Furthermore, a total of 19 patients (44%) had lymphovascular invasion (LVI) at the time of diagnosis. There was no significant difference between RAS mutant and wild-type patients in the rate of LVI. Moreover, involvement of tunica albuginea was observed in 12 patients (28%) and this was not associated with the presence of RAS mutations. Other pathologic features of the testes (i.e., tunica vaginalis, spermatic cord, and scrotal invasion) were not statistically different between the RAS wild-type and mutant patients (p = 0.61).

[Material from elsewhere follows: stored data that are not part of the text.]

Lemma is_dist_transfer (T V : Type) (e : rel T) (E : rel V) (f : T -> V) :
  (forall a q, path e a q -> path E (f a) (map f q)) ->
  (forall a b p, path E (f a) p -> last (f a) p = f b ->
     exists q, [/\ path e a q, last a q = b & size q <= size p]) ->
  forall a b d, is_dist e a b d <-> is_dist E (f a) (f b) d.
Proof.
move=> f_path f_contract a b d; split=> [[[p [pP [lastp <-]]] p_min]|[[p [pP [lastp <-]]] p_min]].
  split; first by exists (map f p); rewrite f_path // last_map lastp size_map.
  by move=> p' /f_contract/[apply] -[q [qP lastq /(leq_trans (p_min q qP lastq))]].
have q_min q : path e a q -> last a q = b -> size p <= size q.
  by move=> qP lastq; rewrite -(size_map f); apply: p_min; rewrite ?f_path ?last_map ?lastq.
have [q [qP lastq szq]] := f_contract _ _ _ pP lastp.
split; first by exists q; split=> //; split=> //; apply/eqP; rewrite eqn_leq szq q_min.
exact: q_min.
Qed.

Section Web.

Variables (T : finType) (e : rel T) (r : nat) (w : 'I_r -> T).

Local Notation adj := (attach_adj e w).
Local Notation center := (inr None : Vtx T r).

Hypothesis e_sym : symmetric e.
Hypothesis w_closed : closed_walk e w.

Lemma lab_old i j t : lab w i j = inl t -> j = 0 /\ t = w i.
Proof.
rewrite /lab; case: eqP => [-> [<-] //|_].
by case: insubP => [k _ _|_] //; case: insubP.
Qed.

Lemma lab_inner i j : 0 < j < r ->
  exists l : layer r, val (val l) = j /\ lab w i j = inr (Some (i, l)).
Proof.
case/andP=> j_gt0 j_ltr; rewrite /lab eqn0Ngt j_gt0.
case: insubP => [k _ kE|]; last by rewrite j_ltr.
case: insubP => [l _ lE|]; last by rewrite kE j_gt0.
by exists l; rewrite lE kE.
Qed.

Lemma lab_center (i : 'I_r) j : r <= j -> lab w i j = center.
Proof.
move=> r_le_j; have j_gt0 : 0 < j by apply: leq_trans r_le_j; apply: leq_ltn_trans (ltn_ord i).
rewrite /lab eqn0Ngt j_gt0; case: insubP => [k /= j_ltr _|//].
by rewrite ltnNge r_le_j in j_ltr.
Qed.

Lemma lab_lt (i : 'I_r) j : lab w i j != center -> j < r.
Proof. by apply: contraR; rewrite -leqNgt => /(lab_center i) ->. Qed.

Definition height (x : Vtx T r) : nat :=
  match x with inl _ => 0 | inr (Some (_, l)) => val (val l) | inr None => r end.

Lemma height_lab i j : height (lab w i j) = minn j r.
Proof.
case: (posnP j) => [->|j_gt0]; first by rewrite min0n.
case: (ltnP j r) => [j_ltr|r_le_j]; last by rewrite lab_center.
have /(lab_inner i)[l [lj ->]] : 0 < j < r by rewrite j_gt0.
by rewrite /= lj.
Qed.

Lemma webE_cases x y : webE w x y ->
  exists (i : 'I_r) (j : nat), j < r /\
   [\/ x = lab w i j /\ y = lab w i j.+1,
       [/\ 0 < j, x = lab w i j & y = lab w (ordS i) j] |
       [/\ 0 < j, x = lab w (ord_pred i) j.-1 & y = lab w i j]].
Proof.
case/existsP=> i /existsP[j H]; exists i, j; split=> //.
by case/or3P: H=> [/andP[/eqP-> /eqP->]|/and3P[? /eqP-> /eqP->]|/and3P[? /eqP-> /eqP->]];
  [constructor 1|constructor 2|constructor 3].
Qed.

Lemma adj_sym : symmetric adj.
Proof. by move=> [a|x] [b|y] //=; rewrite orbC. Qed.

Lemma height_adj x y : adj x y -> height y <= (height x).+1.
Proof.
have webE_height x' y' : webE w x' y' -> height y' <= (height x').+1 /\ height x' <= (height y').+1.
  by case/webE_cases=> i [j [_ [[-> ->]|[_ -> ->]|[_ -> ->]]]]; rewrite !height_lab; lia.
by case: x y => [a|x] [b|y] //= /orP[/webE_height[]|/webE_height[]].
Qed.

Lemma webE_lab x y : webE w x y -> exists i j i' j', x = lab w i j /\ y = lab w i' j'.
Proof. by case/webE_cases=> i [j [_ [[-> ->]|[_ -> ->]|[_ -> ->]]]]; do 4 eexists. Qed.

Lemma adj_new_facial a y : ~~ is_old y -> adj (inl a) y -> exists i, a = w i.
Proof.
case: y => // y _ /orP[]/webE_lab[i [j [i' [j' [Ex Ey]]]]].
  by move: Ex => /esym/lab_old[_ ->]; exists i.
by move: Ey => /esym/lab_old[_ ->]; exists i'.
Qed.

Lemma facial_edge z : e (w (ord_pred z)) (w z).
Proof. by have := w_closed (ord_pred z); rewrite ord_predK. Qed.

(* [a0] is a junk value for the centre, which the projections are never applied to. *)
Definition spoke_proj (a0 : T) (x : Vtx T r) : T :=
  match x with inl t => t | inr (Some (i, _)) => w i | inr None => a0 end.

Definition twist_proj (a0 : T) (x : Vtx T r) : T :=
  match x with
  | inl t => t
  | inr (Some (i, l)) => w (iter (val (val l)) (@ord_pred r) i)
  | inr None => a0
  end.

Lemma proj_lab a0 i j : j < r ->
  spoke_proj a0 (lab w i j) = w i /\ twist_proj a0 (lab w i j) = w (iter j (@ord_pred r) i).
Proof.
case: (posnP j) => [->|j_gt0] j_ltr //.
have /(lab_inner i)[l [lj ->]] : 0 < j < r by rewrite j_gt0.
by rewrite /= lj.
Qed.

Lemma webE_proj a0 x y : webE w x y -> y != center ->
  (spoke_proj a0 x = spoke_proj a0 y \/ e (spoke_proj a0 x) (spoke_proj a0 y)) /\
  (twist_proj a0 x = twist_proj a0 y \/ e (twist_proj a0 x) (twist_proj a0 y)).
Proof.
case/webE_cases=> i [j [j_ltr [[-> ->]|[j_gt0 -> ->]|[j_gt0 -> ->]]]] y_ncenter.
- have [-> ->] := proj_lab a0 i j_ltr; have [-> ->] := proj_lab a0 i (lab_lt y_ncenter).
  by split; [left|right; rewrite iterS e_sym facial_edge].
- have [-> ->] := proj_lab a0 i j_ltr; have [-> ->] := proj_lab a0 (ordS i) j_ltr.
  split; first by right; apply: w_closed.
  case: j j_gt0 {j_ltr y_ncenter} => // j _; right.
  by rewrite [iter j.+1 _ (ordS i)]iterSr ordSK iterS facial_edge.
- have [-> ->] := proj_lab a0 (ord_pred i) (leq_ltn_trans (leq_pred j) j_ltr).
  have [-> ->] := proj_lab a0 i j_ltr.
  split; first by right; apply: facial_edge.
  by case: j j_gt0 {j_ltr y_ncenter} => // j _; rewrite iterSr; left.
Qed.

Lemma webE_contracts f : (forall t, f (inl t) = t) ->
  (forall x y, webE w x y -> y != center -> f x = f y \/ e (f x) (f y)) ->
  contracts adj e (predC1 center) f.
Proof.
move=> f_old f_web.
have f_web_sym x y : webE w y x -> x != center -> f x = f y \/ e (f x) (f y).
  move=> /f_web fyx /fyx[->|eyx]; [by left|by right; rewrite e_sym].
move=> x y; rewrite !inE; case: x y => [a|x] [b|y] x_ncenter y_ncenter /=.
  by rewrite !f_old; right.
all: by case/orP=> [/f_web|/f_web_sym]; apply.
Qed.

Lemma spoke_contracts a0 : contracts adj e (predC1 center) (spoke_proj a0).
Proof. by apply: webE_contracts => // x y xy /(webE_proj a0 xy)[]. Qed.

Lemma twist_contracts a0 : contracts adj e (predC1 center) (twist_proj a0).
Proof. by apply: webE_contracts => // x y xy /(webE_proj a0 xy)[]. Qed.

(* The first step of an excursion goes from v_i to x^i_1 or from v_{i-1} to x^i_1. *)
Lemma enter_web a0 a y : ~~ is_old y -> y != center -> adj (inl a) y ->
  a = spoke_proj a0 y \/ a = twist_proj a0 y.
Proof.
case: y => // y _ y_ncenter /orP[]/webE_cases[i [j [j_ltr]]].
  case=> [[/esym/lab_old[-> ->] Ey]|[j_gt0 /esym/lab_old[j0]]|[j_gt0 /esym/lab_old[j1 ->] Ey]].
  - by rewrite Ey in y_ncenter *; left; have [->] := proj_lab a0 i (lab_lt y_ncenter).
  - by rewrite j0 in j_gt0.
  - have j_eq1 : j = 1 by case: j j_gt0 j1 {j_ltr Ey} => // -[].
    rewrite j_eq1 in j_ltr Ey; rewrite Ey; right.
    by have [_ ->] := proj_lab a0 i j_ltr.
by case=> [[_ /esym/lab_old[]]|[j_gt0 _ /esym/lab_old[j0]]|[j_gt0 _ /esym/lab_old[j0]]] //;
  rewrite j0 in j_gt0.
Qed.

Lemma facial_path_iter n i :
  exists q, [/\ path e (w i) q, last (w i) q = w (iter n (@ordS r) i) & size q = n].
Proof.
elim: n i => [|n IH] i; first by exists [::].
have [q [qP lastq szq]] := IH (ordS i).
by exists (w (ordS i) :: q); rewrite iterSr /= w_closed qP lastq szq.
Qed.

Lemma facial_path i k : exists q, [/\ path e (w i) q, last (w i) q = w k & size q < r].
Proof.
have r_gt0 : 0 < r by apply: leq_ltn_trans (ltn_ord i).
have [q [qP lastq szq]] := facial_path_iter ((k + (r - i)) %% r) i.
exists q; split=> //; last by rewrite szq ltn_mod.
rewrite lastq; congr (w _); apply: val_inj.
by rewrite iter_ordS_val modnDmr addnCA subnKC ?modnDr ?modn_small // ltnW.
Qed.

Lemma excursion_via_center a c ex : center \in ex ->
  all (predC (@is_old T r)) ex -> path adj (inl a) (rcons ex (inl c)) ->
  exists q, [/\ path e a q, last a q = c & size q <= size ex].
Proof.
case/splitPr=> ex1 ex2 ex_new; rewrite rcons_cat cat_path rcons_cons /=.
case/andP=> ex1P /andP[center_ex2 ex2P].
have [i ->] : exists i, a = w i.
  case: ex1 ex1P ex_new center_ex2 => [|v ex1] /=.
    by move=> _ _; exact: (@adj_new_facial a center).
  by case/andP=> av _ /andP[v_new _] _; apply: adj_new_facial av.
have [k ->] : exists k, c = w k.
  have last_new : ~~ is_old (last center ex2).
    by apply: (allP ex_new); rewrite mem_cat mem_last orbT.
  by rewrite rcons_path in ex2P; case/andP: ex2P => _; rewrite adj_sym; apply: adj_new_facial.
have [q [qP lastq szq]] := facial_path i k; exists q; split=> //.
have := path_height height_adj (x := inl a) (p := rcons ex1 center).
rewrite rcons_path ex1P center_ex2 last_rcons size_rcons /= => /(_ isT) r_le.
by rewrite size_cat /=; lia.
Qed.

It should be noted that two patients involved in the study died before the time of this analysis. Both patients had RAS wild-type tumors. One tumor was seminoma and the other was non-seminoma. The patient who had seminoma tumor did not receive adjuvant chemotherapy but did receive adjuvant radiotherapy. The overall survival was 14 months for this patient. The patient with non-seminoma died 31 months after the diagnosis. Aside from these two cases, the progression was observed in four patients. Three of these patients had seminoma tumor and the fourth had non-seminoma tumor. Only in one of these patients CAA>CTA (Q61L) mutation was observed in the K-RAS codon 61. This patient received a first-line combination chemotherapy containing bleomycin, etoposide, and cisplatin (BEP). Following the progression, he received cisplatin, etoposide, and ifosfamide as the second-line chemotherapy. The other patients received BEP therapy at the time of progression. After the second-line chemotherapy, recurrence or metastasis did not occur in these patients. They were still alive at the time of writing this manuscript. In our study, there was a limited number of events for the overall and progression-free survival analyses.
DISCUSSION
A distinguishing characteristic of TGCTs is a mutation on the short arm of chromosome 12 (12p), identified in almost all invasive TGCTs, as well as in intratubular embryonal carcinoma and intratubular seminoma [8,9]. K-RAS and N-RAS are components of the Ras-Raf-MEK-ERK pathway. K-RAS and N-RAS mutations in the codons 12, 13, and 61 cause inappropriate activation of the pathway independent of epidermal growth factor-epidermal growth factor receptor (EGF-EGFR) binding. The constitutively active Ras-Raf-MEK-ERK pathway initiates carcinogenesis by promoting cellular proliferation, gene expression, differentiation, mitosis, and cell survival. Patients with lung and colorectal cancers who have these mutations showed unfavorable response to anti-EGFR-targeted or receptor tyrosine kinase inhibitor (TKI) therapy [10,11].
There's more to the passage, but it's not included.